Winner, winner,,, chicken dinner!!!!

Angie


----------



## john fallon (Jun 20, 2003)

Should the criteria for breeding Labradors be based on what traits a small segment of breeders have individually or even collectively for that matter(?), determined is good for Field Trials ?????? Or , when mutually exclusive, should it be what is good for the breed at large ?

Tail wagging the dog regards,

john


----------



## Howard N (Jan 3, 2003)

John, I can't answer the greater philosophical question.........

.......... But, if you want a competitive field trial dog you'd better buy a pup from the best field trial litter you can find.


----------



## john fallon (Jun 20, 2003)

Howard N said:


> John, I can't answer the greater philosophical question.........
> 
> .......... But, if you want a competitive field trial dog you'd better buy a pup from the best field trial litter you can find.

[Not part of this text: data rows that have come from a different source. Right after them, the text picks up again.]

(* A point x of P_{m+1} has its foot [base m x] in P_m; if the foot is a root q_n, the
   coordinate x (S m) is the position on the hair over q_n and [height m x] is its
   hair distance d_n(x (S m), 0) to the foot. *)
Definition base (m : nat) (x : nat -> R) : nat -> R := trunc (S m) x.
Definition hair_dist (m n : nat) : R -> R -> R := theta_r gamma (rad m n).
Definition same_hair (m : nat) (x y : nat -> R) : Prop :=
  hair_root q m (base m x) /\ base m x = base m y.
Definition height (m : nat) (x : nat -> R) : R :=
  if excluded_middle_informative (hair_root q m (base m x))
  then hair_dist m (idx q m x) (x (S m)) 0 else 0.

Lemma Pk_0 x : Pk gamma q 0 x <-> 0 <= x 0%nat <= 1 /\ forall i, (0 < i)%nat -> x i = 0.
Proof. reflexivity. Qed.

Lemma Pk_S m x : Pk gamma q (S m) x <-> (forall i, (S m < i)%nat -> x i = 0) /\
  ((Pk gamma q m (base m x) /\ ~ hair_root q m (base m x) /\ x (S m) = 0) \/
   (exists n, base m x = q m n /\ 0 <= x (S m) <= rad m n)).
Proof.
  unfold Pk. simpl. destruct (level gamma q m) as [[P0 r0] L0]. reflexivity.
Qed.

Lemma rhok_0 x y : rhok gamma q 0 x y = theta_r gamma 1 (x 0%nat) (y 0%nat).
Proof. reflexivity. Qed.

Lemma hair_dist_sym m n s t : hair_dist m n s t = hair_dist m n t s.
Proof. unfold hair_dist, theta_r. rewrite theta_sym. reflexivity. Qed.

Lemma rhok_S m x y : rhok gamma q (S m) x y =
  if excluded_middle_informative (same_hair m x y) then hair_dist m (idx q m x) (x (S m)) (y (S m))
  else height m x + rhok gamma q m (base m x) (base m y) + height m y.
Proof.
  unfold rhok at 1. simpl. destruct (level gamma q m) as [[P0 r0] L0] eqn:E. simpl.
  assert (Er : r0 = rhok gamma q m) by (unfold rhok; rewrite E; reflexivity).
  subst r0. unfold height, same_hair, base, hair_dist, hair_root.
  destruct (excluded_middle_informative _); [reflexivity|].
  destruct (excluded_middle_informative (exists n, trunc (S m) y = q m n)); [|reflexivity].
  unfold theta_r. rewrite (theta_sym (gamma (0 / _))). reflexivity.
Qed.

Lemma Pk_support m x : Pk gamma q m x -> forall i, (m < i)%nat -> x i = 0.
Proof. destruct m; [intros H; rewrite Pk_0 in H|intros H; rewrite Pk_S in H]; apply H. Qed.

Lemma base_id m x : (forall i, (m < i)%nat -> x i = 0) -> base m x = x.
Proof.
  intros H. apply functional_extensionality. intros i. unfold base, trunc.
  destruct (Nat.ltb_spec i (S m)); [reflexivity|]. symmetry; apply H; lia.
Qed.

Lemma base_base m x : base m (base m x) = base m x.
Proof. apply base_id. intros i Hi. unfold base, trunc. destruct (Nat.ltb_spec i (S m)); [lia|reflexivity]. Qed.

Lemma base_at m x : base m x (S m) = 0.
Proof. unfold base, trunc. destruct (Nat.ltb_spec (S m) (S m)); [lia|reflexivity]. Qed.

Lemma set_coord_base m x : (forall i, (S m < i)%nat -> x i = 0) -> x = set_coord (base m x) (S m) (x (S m)).
Proof.
  intros H. apply functional_extensionality. intros i. unfold set_coord, base, trunc.
  destruct (Nat.eqb_spec i (S m)) as [->|]; [reflexivity|].
  destruct (Nat.ltb_spec i (S m)); [reflexivity|]. apply H; lia.
Qed.

Lemma base_set_coord m y h : (forall i, (m < i)%nat -> y i = 0) -> base m (set_coord y (S m) h) = y.
Proof.
  intros H. apply functional_extensionality. intros i. unfold set_coord, base, trunc.
  destruct (Nat.ltb_spec i (S m)).
  - destruct (Nat.eqb_spec i (S m)); [lia|reflexivity].
  - symmetry. apply H. lia.
Qed.

Lemma idx_base_eq m x y : base m x = base m y -> idx q m x = idx q m y.
Proof. unfold idx, base. intros ->. reflexivity. Qed.

Lemma same_hair_sym m x y : same_hair m x y -> same_hair m y x.
Proof. intros [H1 H2]. split; [rewrite <- H2|]; auto. Qed.

Lemma same_hair_trans m x y z : same_hair m x y -> same_hair m y z -> same_hair m x z.
Proof. intros [H1 H2] [H3 H4]. split; [exact H1|congruence]. Qed.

Yes , but the question remains................ Is that necessarily a good thing for the breed at large ?

Or should the game be played with dogs that fall within some generaly accepted standard that would include health standards.


john


----------



## Granddaddy (Mar 5, 2005)

john fallon said:


> Yes , but the question remains................ Is that necessarily a good thing for the breed at large ?
> 
> *Or should the game be played with dogs that fall within some generaly accepted standard that would include health standards.*
> 
> ...


The game is being played with dogs that fall within generally accepted stds. The issue here is that some are trying/wanting to impose unrealistic and artificially imposed stds while continuing to breed carrier dogs of "something", thinking that is better than breeding with the tools we have to avoid affected dogs. A carrier is not a health issue, it is an identification that should be considered when breeding - nothing more/nothing less.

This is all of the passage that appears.